(* Let $G$ be a connected graph and let $H$ be a connected component of the complement $\overline{G}$ such that $H$ is isomorphic to the complete graph $K_n$ for some $n\geq 2$. Then no vertex of $H$ is a basis forced vertex of $G$.
   Context: All graphs are finite and simple. $\overline{G}$ denotes the complement graph. For vertices $u,v$ of a connected graph $G$, $d(u,v)$ is the length of a shortest $u$–$v$ path. A set $R\subseteq V(G)$ is a resolving set if for all distinct $x,y\in V(G)$ there is $r\in R$ with $d(r,x)\neq d(r,y)$. The metric dimension $\dim(G)$ is the minimum cardinality of a resolving set, and a resolving set of cardinality $\dim(G)$ is a metric basis. A vertex is a basis forced vertex if it belongs to every metric basis of $G$. *)

From mathcomp Require Import all_boot.
Set Implicit Arguments. Unset Strict Implicit. Unset Printing Implicit Defensive.

Definition simple_graph (T : finType) (e : rel T) : Prop :=
  symmetric e /\ irreflexive e.

Definition connected_graph (T : finType) (e : rel T) : Prop :=
  forall u v : T, connect e u v.

Definition compl_rel (T : finType) (e : rel T) : rel T :=
  fun x y => (x != y) && ~~ e x y.

Fixpoint walk (T : finType) (e : rel T) (k : nat) (u v : T) : bool :=
  match k with
  | 0 => u == v
  | k'.+1 => [exists w, e u w && walk e k' w v]
  end.

(* shortest path distance: least k with a walk of length k (any shortest
   path has fewer than #|T| edges; value #|T| if unreachable, which does not
   occur in connected graphs) *)
Definition dist (T : finType) (e : rel T) (u v : T) : nat :=
  find (fun k => walk e k u v) (iota 0 #|T|).

Definition resolving (T : finType) (e : rel T) (R : {set T}) : Prop :=
  forall x y : T, x != y -> exists2 r, r \in R & dist e r x != dist e r y.

Definition metric_basis (T : finType) (e : rel T) (R : {set T}) : Prop :=
  resolving e R /\ forall R' : {set T}, resolving e R' -> #|R| <= #|R'|.

Definition basis_forced (T : finType) (e : rel T) (v : T) : Prop :=
  forall R : {set T}, metric_basis e R -> v \in R.

Definition is_component (T : finType) (f : rel T) (H : {set T}) : Prop :=
  exists x : T, H = [set y | connect f x y].

Definition induced_iso_Kn (T : finType) (f : rel T) (H : {set T}) (n : nat) : Prop :=
  exists g : 'I_n -> T,
    injective g /\ (forall y, y \in H -> exists i, g i = y) /\
    (forall i, g i \in H) /\ (forall i j, f (g i) (g j) = (i != j)).

From mathcomp Require Import all_boot fingroup perm.

Set Implicit Arguments.
Unset Strict Implicit.
Unset Printing Implicit Defensive.

(* The vertices of a component H of the complement that induces a clique there
   are pairwise non-adjacent in G and adjacent to every vertex outside H, so
   they are twins: transposing two of them is an automorphism of G.  Hence if
   one vertex of H were forced, all of H would be, and any metric basis R would
   contain H.  But then R minus a vertex v of H is still resolving: another
   vertex u of H takes over the role of v, since u is adjacent to every vertex
   outside R but not to v.  This contradicts minimality. *)

Section Distance.
Variables (T : finType) (e : rel T).

Lemma walk1 a b : walk e 1 a b = e a b.
Proof.
apply/existsP/idP => [[w /andP[eaw /eqP <-]] // | eab].
by exists b; rewrite eab eqxx.
Qed.

Lemma dist_eq0 a b : (dist e a b == 0) = (a == b).
Proof.
rewrite /dist; have : 0 < #|T| by apply/card_gt0P; exists a.
by case: #|T| => // n _ /=; case: (a == b).
Qed.

Lemma dist_self a : dist e a a = 0.
Proof. by apply/eqP; rewrite dist_eq0. Qed.

Lemma dist1 a b : a != b -> (dist e a b == 1) = e a b.
Proof.
move=> ab; rewrite /dist.
have : 1 < #|T| by apply: leq_trans (max_card (mem [set a; b])); rewrite cards2 ab.
case: #|T| => [|[|n]] // _.
rewrite [iota _ _]/= /= -/(walk e 0 a b) /= (negbTE ab) -/(walk e 1 a b) walk1.
by case: (e a b).
Qed.

Lemma dist_self_neq x y : x != y -> dist e x x != dist e x y.
Proof. by move=> xy; rewrite dist_self eq_sym dist_eq0. Qed.

End Distance.

Section Automorphism.
Variables (T : finType) (e : rel T) (s : {perm T}).
Hypothesis s_aut : {mono s : a b / e a b}.

Lemma walk_aut k a b : walk e k (s a) (s b) = walk e k a b.
Proof.
elim: k a => [|k IHk] a /=; first by rewrite (inj_eq perm_inj).
apply/existsP/existsP => [[w /andP[eaw wb]] | [w /andP[eaw wb]]].
  by exists (s^-1 w)%g; rewrite -s_aut -IHk permKV eaw.
by exists (s w); rewrite s_aut IHk eaw.
Qed.

Lemma dist_aut a b : dist e (s a) (s b) = dist e a b.
Proof. by apply: eq_find => k; apply: walk_aut. Qed.

Lemma resolving_aut R : resolving e R -> resolving e (s @: R).
Proof.
move=> Rres x y xy.
have [|r rR dr] := Rres (s^-1 x)%g (s^-1 y)%g; first by rewrite (inj_eq perm_inj).
by exists (s r); rewrite ?imset_f // -{1}(permKV s x) -{1}(permKV s y) !dist_aut.
Qed.

Lemma metric_basis_aut R : metric_basis e R -> metric_basis e (s @: R).
Proof.
move=> [Rres Rmin]; split; first exact: resolving_aut.
by move=> R' /Rmin; rewrite card_imset //; apply: perm_inj.
Qed.

End Automorphism.

Section Twins.
Variables (T : finType) (e : rel T) (u v : T).
Hypotheses (e_sym : symmetric e) (uv_twins : forall z, e u z = e v z).

Lemma tperm_twins_aut : {mono tperm u v : a b / e a b}.
Proof.
have swap_l a c : e (tperm u v a) c = e a c.
  by case: tpermP => [->|->|]; rewrite ?uv_twins.
by move=> a b; rewrite swap_l e_sym swap_l e_sym.
Qed.

Lemma dist_twins z : u != z -> v != z -> dist e u z = dist e v z.
Proof.
move=> uz vz; rewrite -{1}(tpermR u v) -{1}(tpermD uz vz).
exact: dist_aut tperm_twins_aut _ _.
Qed.

Lemma basis_forced_twin : basis_forced e v -> basis_forced e u.
Proof.
move=> vforced R /(metric_basis_aut tperm_twins_aut) /vforced /imsetP[r rR vr].
by rewrite (_ : u = r) // -(tpermK u v r) -vr tpermR.
Qed.

End Twins.

Section MetricBasis.
Variables (T : finType) (e : rel T).

Definition resolvingb (R : {set T}) :=
  [forall x, forall y, (x != y) ==> [exists r in R, dist e r x != dist e r y]].

Lemma resolvingP R : reflect (resolving e R) (resolvingb R).
Proof.
apply: (iffP forallP) => [Rres x y xy | Rres x].
  by have /forallP/(_ y)/implyP/(_ xy)/exists_inP[r] := Rres x; exists r.
apply/forallP => y; apply/implyP => /Rres[r rR dr].
by apply/exists_inP; exists r.
Qed.

Lemma exists_metric_basis : exists R, metric_basis e R.
Proof.
have Tres : resolvingb setT.
  by apply/resolvingP => x y xy; exists x; rewrite ?inE ?dist_self_neq.
have [R /resolvingP Rres Rmin] := arg_minnP (fun R : {set T} => #|R|) Tres.
by exists R; split=> // R' /resolvingP; apply: Rmin.
Qed.

Lemma metric_basis_setD1_not_resolving R v :
  metric_basis e R -> v \in R -> ~ resolving e (R :\ v).
Proof. by move=> [_ Rmin] vR /Rmin; rewrite (cardsD1 v R) vR add1n ltnn. Qed.

End MetricBasis.

Section JoinedIndependentSet.
Variables (T : finType) (e : rel T) (H : {set T}).
Hypotheses (e_sym : symmetric e) (H_indep : {in H &, forall a b, ~~ e a b})
  (H_join : forall a b, a \in H -> b \notin H -> e a b).

Lemma join_twins a b : a \in H -> b \in H -> forall z, e a z = e b z.
Proof.
move=> aH bH z; have [zH | zH] := boolP (z \in H); last by rewrite !H_join.
by rewrite (negbTE (H_indep aH zH)) (negbTE (H_indep bH zH)).
Qed.

Lemma resolving_setD1 u v (R : {set T}) : u \in H -> v \in H -> u != v ->
  H \subset R -> resolving e R -> resolving e (R :\ v).
Proof.
move=> uH vH uv HR Rres x y xy.
have [xR | xR] := boolP (x \in R :\ v); first by exists x; rewrite ?dist_self_neq.
have [yR | yR] := boolP (y \in R :\ v).
  by exists y; rewrite // eq_sym dist_self_neq // eq_sym.
have uR : u \in R :\ v by rewrite !inE uv (subsetP HR).
have neq_u z : z \notin R :\ v -> u != z by move=> zR; apply: contraNneq zR => <-.
have dist_u_out z : z \notin R :\ v -> z != v -> dist e u z = 1.
  move=> zR zv; apply/eqP; rewrite dist1 ?neq_u // H_join //.
  by apply: contra zR => zH; rewrite !inE zv (subsetP HR).
have dist_uv : dist e u v != 1 by rewrite dist1 ?H_indep.
have [xv | xv] := eqVneq x v.
  by exists u; rewrite // xv (dist_u_out y) // eq_sym -xv.
have [yv | yv] := eqVneq y v.
  by exists u; rewrite // yv (dist_u_out x) // eq_sym.
have [r rR dr] := Rres x y xy; have [rv | rv] := eqVneq r v; last first.
  by exists r; rewrite // !inE rv.
have twins := join_twins uH vH.
have [vx vy] : v != x /\ v != y by rewrite !(eq_sym v).
by exists u; rewrite // !(dist_twins e_sym twins) ?neq_u // -rv.
Qed.

End JoinedIndependentSet.

Section ComplementComponent.
Variables (T : finType) (e : rel T) (H : {set T}).

Lemma compl_component_join :
  is_component (compl_rel e) H -> forall a b, a \in H -> b \notin H -> e a b.
Proof.
move=> [x ->] a b aH bH; have ab : a != b by apply: contraNneq bH => <-.
move: aH bH; rewrite !inE => xa; apply: contraNT => eab.
by apply: connect_trans xa (connect1 _); rewrite /compl_rel ab eab.
Qed.

Lemma induced_iso_Kn_card (f : rel T) n : induced_iso_Kn f H n -> #|H| = n.
Proof.
move=> [g [ginj [gsurj [gH _]]]].
have -> : H = [set g i | i in 'I_n].
  apply/setP => y; apply/idP/imsetP => [/gsurj[i <-] | [i _ ->] //].
  by exists i.
by rewrite card_imset // card_ord.
Qed.

Lemma induced_iso_Kn_compl_indep n : irreflexive e ->
  induced_iso_Kn (compl_rel e) H n -> {in H &, forall a b, ~~ e a b}.
Proof.
move=> e_irr [g [_ [gsurj [_ gK]]]] a b /gsurj[i <-] /gsurj[j <-].
have [-> | ij] := eqVneq i j; first by rewrite e_irr.
by move: (gK i j); rewrite ij => /andP[].
Qed.

End ComplementComponent.

Theorem lemma5 (T : finType) (e : rel T) (H : {set T}) (n : nat) :
  simple_graph e -> connected_graph e ->
  is_component (compl_rel e) H -> 2 <= n -> induced_iso_Kn (compl_rel e) H n ->
  forall v, v \in H -> ~ basis_forced e v.
Proof.
move=> [e_sym e_irr] _ Hcomp n2 HKn v vH vforced.
have H_join := compl_component_join Hcomp.
have H_indep := induced_iso_Kn_compl_indep e_irr HKn.
have /set0Pn[u] : H :\ v != set0.
  move: n2; rewrite -(induced_iso_Kn_card HKn) (cardsD1 v H) vH add1n ltnS.
  by rewrite card_gt0.
rewrite !inE => /andP[uv uH].
have [R Rbasis] := exists_metric_basis e.
have HR : H \subset R.
  apply/subsetP => w wH.
  exact: basis_forced_twin e_sym (join_twins H_indep H_join wH vH) vforced R Rbasis.
apply: (metric_basis_setD1_not_resolving Rbasis (vforced R Rbasis)).
exact: (resolving_setD1 e_sym H_indep H_join uH vH uv HR Rbasis.1).
Qed.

------------------------------------

(YOUR OBJECTIVE) In the material above, find the line containing "by move: (gK i j); rewrite ij => /andP[]." and the line containing "simple_graph e -> connected_graph e ->", then write out exactly those two lines and every line between them, and nothing more.

(RESPONSE TO THE TASK)
by move: (gK i j); rewrite ij => /andP[].
Qed.

End ComplementComponent.

Theorem lemma5 (T : finType) (e : rel T) (H : {set T}) (n : nat) :
  simple_graph e -> connected_graph e ->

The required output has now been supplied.